[EXERCISE PROMPT]:
Below are some entries. Copy each line in them that holds "beta".

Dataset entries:

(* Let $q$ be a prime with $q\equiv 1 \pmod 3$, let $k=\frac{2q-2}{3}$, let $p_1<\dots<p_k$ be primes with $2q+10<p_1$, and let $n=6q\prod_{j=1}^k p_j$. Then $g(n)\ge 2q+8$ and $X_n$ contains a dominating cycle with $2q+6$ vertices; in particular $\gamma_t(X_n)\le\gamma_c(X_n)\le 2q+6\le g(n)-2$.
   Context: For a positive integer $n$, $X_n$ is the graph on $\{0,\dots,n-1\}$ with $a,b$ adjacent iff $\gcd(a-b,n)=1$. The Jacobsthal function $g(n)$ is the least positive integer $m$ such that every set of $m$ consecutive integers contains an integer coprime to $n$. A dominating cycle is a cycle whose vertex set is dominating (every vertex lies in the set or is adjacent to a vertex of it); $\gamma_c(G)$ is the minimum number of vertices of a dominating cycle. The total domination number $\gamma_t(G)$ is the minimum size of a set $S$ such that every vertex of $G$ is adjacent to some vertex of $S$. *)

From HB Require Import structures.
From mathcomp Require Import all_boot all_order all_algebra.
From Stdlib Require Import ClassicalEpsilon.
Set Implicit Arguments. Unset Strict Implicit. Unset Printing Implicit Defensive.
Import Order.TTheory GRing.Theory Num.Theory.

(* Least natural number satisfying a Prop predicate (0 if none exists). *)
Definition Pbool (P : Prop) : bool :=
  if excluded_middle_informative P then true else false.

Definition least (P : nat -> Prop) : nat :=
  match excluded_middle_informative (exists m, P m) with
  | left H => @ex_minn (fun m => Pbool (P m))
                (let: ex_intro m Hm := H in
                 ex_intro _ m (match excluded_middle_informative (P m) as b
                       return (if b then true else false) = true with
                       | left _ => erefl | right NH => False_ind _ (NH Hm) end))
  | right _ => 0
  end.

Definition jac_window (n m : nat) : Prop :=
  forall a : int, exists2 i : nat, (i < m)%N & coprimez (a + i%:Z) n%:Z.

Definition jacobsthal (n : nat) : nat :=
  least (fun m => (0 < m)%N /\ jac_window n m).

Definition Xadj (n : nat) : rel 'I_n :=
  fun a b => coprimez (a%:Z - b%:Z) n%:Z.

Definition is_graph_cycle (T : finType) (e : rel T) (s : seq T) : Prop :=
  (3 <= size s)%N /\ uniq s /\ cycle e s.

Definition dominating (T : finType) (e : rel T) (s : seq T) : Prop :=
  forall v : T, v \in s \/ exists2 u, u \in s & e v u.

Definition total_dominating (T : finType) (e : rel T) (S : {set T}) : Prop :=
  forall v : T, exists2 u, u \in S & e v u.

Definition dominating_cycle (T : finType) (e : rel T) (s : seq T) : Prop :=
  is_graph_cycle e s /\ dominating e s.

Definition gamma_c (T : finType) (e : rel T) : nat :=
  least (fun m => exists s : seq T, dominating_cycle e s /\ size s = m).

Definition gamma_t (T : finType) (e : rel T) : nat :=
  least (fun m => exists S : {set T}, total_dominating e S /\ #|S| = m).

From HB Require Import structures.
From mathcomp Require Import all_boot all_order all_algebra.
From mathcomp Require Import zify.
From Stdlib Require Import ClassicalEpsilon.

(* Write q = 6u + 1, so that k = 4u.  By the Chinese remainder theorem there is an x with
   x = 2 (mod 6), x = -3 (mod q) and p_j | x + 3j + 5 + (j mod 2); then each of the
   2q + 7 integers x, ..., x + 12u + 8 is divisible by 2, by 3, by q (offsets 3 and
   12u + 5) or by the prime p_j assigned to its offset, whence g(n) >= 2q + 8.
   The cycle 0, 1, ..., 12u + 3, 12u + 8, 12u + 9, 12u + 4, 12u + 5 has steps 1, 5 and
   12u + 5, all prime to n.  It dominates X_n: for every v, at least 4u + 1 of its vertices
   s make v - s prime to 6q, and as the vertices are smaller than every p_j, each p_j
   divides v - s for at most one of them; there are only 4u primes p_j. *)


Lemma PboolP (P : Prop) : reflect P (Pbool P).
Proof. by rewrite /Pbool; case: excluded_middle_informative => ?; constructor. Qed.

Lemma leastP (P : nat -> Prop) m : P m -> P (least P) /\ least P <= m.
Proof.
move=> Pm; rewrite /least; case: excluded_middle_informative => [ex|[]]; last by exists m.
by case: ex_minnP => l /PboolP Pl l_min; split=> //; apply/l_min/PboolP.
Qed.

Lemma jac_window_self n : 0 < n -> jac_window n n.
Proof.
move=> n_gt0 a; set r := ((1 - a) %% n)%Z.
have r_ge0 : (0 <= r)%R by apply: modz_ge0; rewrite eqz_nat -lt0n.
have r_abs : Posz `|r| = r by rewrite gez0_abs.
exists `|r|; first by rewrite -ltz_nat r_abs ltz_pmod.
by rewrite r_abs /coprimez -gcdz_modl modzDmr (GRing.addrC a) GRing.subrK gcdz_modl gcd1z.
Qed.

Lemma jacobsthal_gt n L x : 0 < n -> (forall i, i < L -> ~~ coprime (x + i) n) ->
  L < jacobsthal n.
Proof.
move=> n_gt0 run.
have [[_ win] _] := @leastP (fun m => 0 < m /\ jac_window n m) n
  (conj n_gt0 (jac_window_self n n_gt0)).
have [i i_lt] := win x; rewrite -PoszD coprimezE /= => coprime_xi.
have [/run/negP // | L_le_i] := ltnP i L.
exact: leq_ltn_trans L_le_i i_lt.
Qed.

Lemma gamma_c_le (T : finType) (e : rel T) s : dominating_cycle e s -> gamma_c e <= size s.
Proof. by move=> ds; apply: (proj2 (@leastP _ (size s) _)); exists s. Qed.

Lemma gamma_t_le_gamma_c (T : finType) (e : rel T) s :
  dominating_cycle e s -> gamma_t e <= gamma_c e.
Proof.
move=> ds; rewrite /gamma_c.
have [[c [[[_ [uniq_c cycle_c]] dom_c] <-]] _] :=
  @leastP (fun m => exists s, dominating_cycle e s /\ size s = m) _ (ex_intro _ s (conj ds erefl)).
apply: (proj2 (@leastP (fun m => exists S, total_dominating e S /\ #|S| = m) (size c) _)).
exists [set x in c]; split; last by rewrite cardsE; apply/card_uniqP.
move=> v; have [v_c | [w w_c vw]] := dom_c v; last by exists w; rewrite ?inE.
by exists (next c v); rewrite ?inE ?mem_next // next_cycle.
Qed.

* * *

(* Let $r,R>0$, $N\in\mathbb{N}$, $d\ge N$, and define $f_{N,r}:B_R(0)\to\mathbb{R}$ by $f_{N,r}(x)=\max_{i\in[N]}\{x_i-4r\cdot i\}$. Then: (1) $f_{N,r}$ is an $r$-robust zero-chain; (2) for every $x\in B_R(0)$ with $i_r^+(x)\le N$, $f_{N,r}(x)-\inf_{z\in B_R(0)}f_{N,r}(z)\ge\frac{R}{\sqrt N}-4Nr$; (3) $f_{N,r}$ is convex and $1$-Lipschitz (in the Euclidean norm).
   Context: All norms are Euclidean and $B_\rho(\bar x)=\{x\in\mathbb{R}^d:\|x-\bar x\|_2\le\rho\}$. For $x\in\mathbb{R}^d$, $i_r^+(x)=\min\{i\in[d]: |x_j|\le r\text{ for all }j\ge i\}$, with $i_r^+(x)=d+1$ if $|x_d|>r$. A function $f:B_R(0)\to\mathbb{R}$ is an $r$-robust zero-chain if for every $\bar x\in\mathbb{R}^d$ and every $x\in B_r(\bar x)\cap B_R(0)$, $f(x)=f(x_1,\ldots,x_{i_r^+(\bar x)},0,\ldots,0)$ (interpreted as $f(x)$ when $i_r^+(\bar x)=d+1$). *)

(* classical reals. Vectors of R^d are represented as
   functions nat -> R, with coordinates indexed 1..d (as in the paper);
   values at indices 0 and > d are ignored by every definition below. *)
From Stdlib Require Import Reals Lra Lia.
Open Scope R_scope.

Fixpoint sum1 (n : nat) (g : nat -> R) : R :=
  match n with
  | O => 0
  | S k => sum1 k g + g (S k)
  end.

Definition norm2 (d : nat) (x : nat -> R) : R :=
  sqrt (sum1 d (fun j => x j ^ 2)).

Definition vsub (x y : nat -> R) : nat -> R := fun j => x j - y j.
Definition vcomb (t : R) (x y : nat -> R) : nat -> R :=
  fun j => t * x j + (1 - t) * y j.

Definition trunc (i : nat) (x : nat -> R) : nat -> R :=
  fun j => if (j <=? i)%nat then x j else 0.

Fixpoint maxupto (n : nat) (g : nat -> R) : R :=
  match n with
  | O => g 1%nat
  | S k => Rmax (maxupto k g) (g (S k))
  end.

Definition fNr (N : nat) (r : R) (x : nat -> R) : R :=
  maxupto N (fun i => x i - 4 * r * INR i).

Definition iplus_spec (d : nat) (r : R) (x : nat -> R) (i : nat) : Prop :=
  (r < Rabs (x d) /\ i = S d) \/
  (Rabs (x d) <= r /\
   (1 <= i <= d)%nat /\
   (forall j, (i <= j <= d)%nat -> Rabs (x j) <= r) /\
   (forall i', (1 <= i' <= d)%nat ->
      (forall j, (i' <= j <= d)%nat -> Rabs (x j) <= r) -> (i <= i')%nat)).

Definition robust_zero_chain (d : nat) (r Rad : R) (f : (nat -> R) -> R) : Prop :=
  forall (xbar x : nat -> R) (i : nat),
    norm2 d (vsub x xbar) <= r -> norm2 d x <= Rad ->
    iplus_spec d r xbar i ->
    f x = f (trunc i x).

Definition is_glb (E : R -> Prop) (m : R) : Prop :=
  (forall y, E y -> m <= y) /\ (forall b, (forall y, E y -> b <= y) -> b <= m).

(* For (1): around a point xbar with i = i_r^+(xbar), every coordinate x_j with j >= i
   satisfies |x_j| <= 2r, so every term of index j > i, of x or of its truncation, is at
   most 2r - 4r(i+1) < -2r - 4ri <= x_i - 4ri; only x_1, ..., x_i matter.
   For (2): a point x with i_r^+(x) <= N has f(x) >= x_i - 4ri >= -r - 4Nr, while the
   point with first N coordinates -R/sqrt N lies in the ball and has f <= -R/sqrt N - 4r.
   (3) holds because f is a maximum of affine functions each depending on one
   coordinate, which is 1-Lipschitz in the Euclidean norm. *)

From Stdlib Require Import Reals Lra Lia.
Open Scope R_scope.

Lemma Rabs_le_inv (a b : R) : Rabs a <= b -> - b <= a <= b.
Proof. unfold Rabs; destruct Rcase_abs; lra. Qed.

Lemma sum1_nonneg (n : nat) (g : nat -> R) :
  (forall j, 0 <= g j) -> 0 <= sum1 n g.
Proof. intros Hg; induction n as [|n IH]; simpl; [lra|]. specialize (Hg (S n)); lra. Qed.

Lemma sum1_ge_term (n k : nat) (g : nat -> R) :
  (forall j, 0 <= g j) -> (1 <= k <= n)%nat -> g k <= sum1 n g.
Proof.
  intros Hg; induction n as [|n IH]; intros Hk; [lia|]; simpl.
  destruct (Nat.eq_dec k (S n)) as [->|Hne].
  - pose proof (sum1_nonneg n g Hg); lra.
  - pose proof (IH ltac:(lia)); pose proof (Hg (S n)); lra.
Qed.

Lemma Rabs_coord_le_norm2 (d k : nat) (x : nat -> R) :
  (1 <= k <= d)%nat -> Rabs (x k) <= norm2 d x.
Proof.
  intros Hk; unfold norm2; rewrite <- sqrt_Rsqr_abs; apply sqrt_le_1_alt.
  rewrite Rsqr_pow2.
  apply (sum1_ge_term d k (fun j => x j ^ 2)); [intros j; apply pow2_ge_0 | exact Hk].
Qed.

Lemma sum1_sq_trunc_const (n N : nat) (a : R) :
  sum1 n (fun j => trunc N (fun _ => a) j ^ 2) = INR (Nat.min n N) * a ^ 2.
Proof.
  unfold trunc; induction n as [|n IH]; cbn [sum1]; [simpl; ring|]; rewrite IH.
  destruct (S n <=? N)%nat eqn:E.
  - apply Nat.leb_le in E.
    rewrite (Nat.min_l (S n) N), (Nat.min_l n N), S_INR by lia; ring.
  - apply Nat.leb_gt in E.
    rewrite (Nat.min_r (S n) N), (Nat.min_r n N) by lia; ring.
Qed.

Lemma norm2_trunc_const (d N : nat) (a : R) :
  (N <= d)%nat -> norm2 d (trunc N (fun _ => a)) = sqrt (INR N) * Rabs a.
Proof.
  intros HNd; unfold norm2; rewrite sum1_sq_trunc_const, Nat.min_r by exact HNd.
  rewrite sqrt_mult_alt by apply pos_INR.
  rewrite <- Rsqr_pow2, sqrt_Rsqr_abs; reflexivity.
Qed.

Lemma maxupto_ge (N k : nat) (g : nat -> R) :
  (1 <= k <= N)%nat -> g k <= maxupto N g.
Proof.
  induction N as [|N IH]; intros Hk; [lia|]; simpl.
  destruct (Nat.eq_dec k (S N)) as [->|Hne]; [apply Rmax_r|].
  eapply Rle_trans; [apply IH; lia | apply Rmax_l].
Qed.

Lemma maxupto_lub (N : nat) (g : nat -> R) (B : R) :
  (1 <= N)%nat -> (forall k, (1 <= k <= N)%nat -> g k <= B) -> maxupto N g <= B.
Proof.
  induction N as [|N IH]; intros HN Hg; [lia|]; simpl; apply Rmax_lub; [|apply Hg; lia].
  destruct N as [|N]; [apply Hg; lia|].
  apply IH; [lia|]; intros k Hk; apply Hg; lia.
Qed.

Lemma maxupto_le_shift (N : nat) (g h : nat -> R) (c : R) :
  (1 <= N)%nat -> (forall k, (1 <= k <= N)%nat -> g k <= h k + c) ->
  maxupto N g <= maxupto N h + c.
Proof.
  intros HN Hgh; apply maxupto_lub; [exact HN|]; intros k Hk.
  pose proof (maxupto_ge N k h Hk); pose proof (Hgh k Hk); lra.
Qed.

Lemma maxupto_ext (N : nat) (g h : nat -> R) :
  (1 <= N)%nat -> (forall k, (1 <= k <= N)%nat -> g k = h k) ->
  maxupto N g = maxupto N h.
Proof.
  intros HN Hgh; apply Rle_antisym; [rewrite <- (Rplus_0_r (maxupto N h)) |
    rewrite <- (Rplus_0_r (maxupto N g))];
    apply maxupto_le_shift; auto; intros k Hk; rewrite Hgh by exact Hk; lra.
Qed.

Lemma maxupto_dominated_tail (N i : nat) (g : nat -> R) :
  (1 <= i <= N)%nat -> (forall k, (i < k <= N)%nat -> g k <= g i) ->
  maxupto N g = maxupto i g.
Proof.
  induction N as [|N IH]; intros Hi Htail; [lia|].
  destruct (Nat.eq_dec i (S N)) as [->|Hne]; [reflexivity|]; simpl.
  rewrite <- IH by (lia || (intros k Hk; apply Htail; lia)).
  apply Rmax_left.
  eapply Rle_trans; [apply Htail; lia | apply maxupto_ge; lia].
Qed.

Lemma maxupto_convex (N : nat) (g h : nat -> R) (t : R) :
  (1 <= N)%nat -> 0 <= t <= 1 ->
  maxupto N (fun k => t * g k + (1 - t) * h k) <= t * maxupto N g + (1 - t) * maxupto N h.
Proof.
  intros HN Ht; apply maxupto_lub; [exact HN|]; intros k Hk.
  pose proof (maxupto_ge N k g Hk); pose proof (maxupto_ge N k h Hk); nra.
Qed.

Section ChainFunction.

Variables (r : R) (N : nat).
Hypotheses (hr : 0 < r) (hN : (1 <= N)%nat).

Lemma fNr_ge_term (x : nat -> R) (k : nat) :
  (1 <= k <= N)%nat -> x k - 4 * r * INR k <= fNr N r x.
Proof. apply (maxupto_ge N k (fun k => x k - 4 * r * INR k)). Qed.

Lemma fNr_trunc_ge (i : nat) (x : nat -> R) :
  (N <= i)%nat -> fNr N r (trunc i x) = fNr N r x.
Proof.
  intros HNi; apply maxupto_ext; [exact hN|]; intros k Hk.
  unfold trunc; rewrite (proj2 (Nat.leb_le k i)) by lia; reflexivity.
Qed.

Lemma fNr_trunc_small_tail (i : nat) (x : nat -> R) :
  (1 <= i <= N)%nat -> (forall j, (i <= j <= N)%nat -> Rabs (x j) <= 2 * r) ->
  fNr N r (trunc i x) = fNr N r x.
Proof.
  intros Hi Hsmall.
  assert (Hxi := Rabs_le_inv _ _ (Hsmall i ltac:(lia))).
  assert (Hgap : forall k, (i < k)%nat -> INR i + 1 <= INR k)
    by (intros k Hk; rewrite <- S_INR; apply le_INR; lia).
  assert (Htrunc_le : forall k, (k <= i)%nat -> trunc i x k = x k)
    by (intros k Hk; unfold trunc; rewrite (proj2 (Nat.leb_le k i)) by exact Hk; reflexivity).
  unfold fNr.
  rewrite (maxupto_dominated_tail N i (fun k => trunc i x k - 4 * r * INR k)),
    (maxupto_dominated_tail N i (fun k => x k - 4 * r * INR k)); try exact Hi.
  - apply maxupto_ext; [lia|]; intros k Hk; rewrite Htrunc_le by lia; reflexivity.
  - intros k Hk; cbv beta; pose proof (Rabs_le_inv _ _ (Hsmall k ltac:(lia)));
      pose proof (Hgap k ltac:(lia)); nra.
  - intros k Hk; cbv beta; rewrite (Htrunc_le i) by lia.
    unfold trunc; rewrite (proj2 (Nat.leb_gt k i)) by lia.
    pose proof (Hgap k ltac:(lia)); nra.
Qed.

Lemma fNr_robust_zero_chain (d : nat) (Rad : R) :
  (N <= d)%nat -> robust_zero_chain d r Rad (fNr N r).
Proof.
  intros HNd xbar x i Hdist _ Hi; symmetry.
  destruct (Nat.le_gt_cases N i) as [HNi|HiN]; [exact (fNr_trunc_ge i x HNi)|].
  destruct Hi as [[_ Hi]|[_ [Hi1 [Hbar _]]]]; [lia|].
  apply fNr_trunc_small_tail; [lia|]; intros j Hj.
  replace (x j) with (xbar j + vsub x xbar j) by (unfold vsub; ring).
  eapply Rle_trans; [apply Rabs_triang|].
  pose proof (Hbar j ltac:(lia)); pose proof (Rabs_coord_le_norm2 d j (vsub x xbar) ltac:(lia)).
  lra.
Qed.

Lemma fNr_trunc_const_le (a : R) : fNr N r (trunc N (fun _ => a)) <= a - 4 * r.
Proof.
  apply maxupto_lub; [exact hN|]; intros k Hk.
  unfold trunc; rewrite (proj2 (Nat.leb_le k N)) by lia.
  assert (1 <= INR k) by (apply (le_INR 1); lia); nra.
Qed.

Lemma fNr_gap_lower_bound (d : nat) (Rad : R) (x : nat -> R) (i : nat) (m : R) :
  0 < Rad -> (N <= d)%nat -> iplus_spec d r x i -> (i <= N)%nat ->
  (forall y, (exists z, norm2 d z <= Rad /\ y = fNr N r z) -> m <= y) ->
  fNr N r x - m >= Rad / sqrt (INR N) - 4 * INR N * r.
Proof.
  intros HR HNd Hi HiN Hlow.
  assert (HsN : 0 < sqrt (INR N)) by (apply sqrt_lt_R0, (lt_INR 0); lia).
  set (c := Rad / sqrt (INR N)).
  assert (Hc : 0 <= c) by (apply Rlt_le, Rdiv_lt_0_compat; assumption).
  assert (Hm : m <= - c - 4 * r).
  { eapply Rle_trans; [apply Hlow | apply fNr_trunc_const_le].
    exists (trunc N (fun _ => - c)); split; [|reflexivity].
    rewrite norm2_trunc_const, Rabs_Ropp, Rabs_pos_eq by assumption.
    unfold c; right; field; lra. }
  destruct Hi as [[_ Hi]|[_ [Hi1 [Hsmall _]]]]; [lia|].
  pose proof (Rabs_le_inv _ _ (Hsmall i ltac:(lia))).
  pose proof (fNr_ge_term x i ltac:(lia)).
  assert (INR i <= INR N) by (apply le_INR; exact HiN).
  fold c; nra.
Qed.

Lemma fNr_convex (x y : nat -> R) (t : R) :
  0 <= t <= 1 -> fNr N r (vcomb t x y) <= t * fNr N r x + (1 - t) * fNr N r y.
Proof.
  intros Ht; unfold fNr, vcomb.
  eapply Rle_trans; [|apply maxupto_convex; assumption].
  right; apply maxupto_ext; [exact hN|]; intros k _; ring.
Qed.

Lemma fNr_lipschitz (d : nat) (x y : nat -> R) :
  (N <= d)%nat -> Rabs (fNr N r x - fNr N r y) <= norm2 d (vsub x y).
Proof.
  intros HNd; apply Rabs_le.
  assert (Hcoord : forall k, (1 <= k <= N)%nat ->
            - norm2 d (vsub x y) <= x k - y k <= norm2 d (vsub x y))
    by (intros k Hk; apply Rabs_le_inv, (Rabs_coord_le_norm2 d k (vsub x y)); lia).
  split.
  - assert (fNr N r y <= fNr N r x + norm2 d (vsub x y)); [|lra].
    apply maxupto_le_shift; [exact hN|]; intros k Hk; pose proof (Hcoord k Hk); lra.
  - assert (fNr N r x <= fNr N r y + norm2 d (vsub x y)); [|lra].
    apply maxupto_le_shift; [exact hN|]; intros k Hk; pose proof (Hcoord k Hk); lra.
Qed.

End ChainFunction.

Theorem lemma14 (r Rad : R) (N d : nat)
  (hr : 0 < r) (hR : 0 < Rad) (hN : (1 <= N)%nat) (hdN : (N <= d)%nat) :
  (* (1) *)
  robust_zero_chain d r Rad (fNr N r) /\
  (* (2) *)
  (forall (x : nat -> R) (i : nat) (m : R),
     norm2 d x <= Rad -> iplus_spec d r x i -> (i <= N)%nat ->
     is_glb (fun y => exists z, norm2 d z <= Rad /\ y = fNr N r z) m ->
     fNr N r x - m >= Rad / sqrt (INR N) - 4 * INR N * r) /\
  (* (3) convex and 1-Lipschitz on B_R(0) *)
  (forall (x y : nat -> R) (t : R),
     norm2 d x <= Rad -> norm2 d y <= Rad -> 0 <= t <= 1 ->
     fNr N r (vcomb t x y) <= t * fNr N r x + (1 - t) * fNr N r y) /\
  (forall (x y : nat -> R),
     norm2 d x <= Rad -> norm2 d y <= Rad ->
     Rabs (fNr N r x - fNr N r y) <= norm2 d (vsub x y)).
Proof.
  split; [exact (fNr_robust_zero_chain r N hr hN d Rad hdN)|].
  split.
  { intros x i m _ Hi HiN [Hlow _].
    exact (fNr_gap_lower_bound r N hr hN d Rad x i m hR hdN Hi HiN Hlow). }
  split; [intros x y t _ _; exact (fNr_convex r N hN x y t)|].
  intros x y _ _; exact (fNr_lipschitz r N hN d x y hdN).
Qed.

[ANSWER]:
  - intros k Hk; cbv beta; pose proof (Rabs_le_inv _ _ (Hsmall k ltac:(lia)));
  - intros k Hk; cbv beta; rewrite (Htrunc_le i) by lia.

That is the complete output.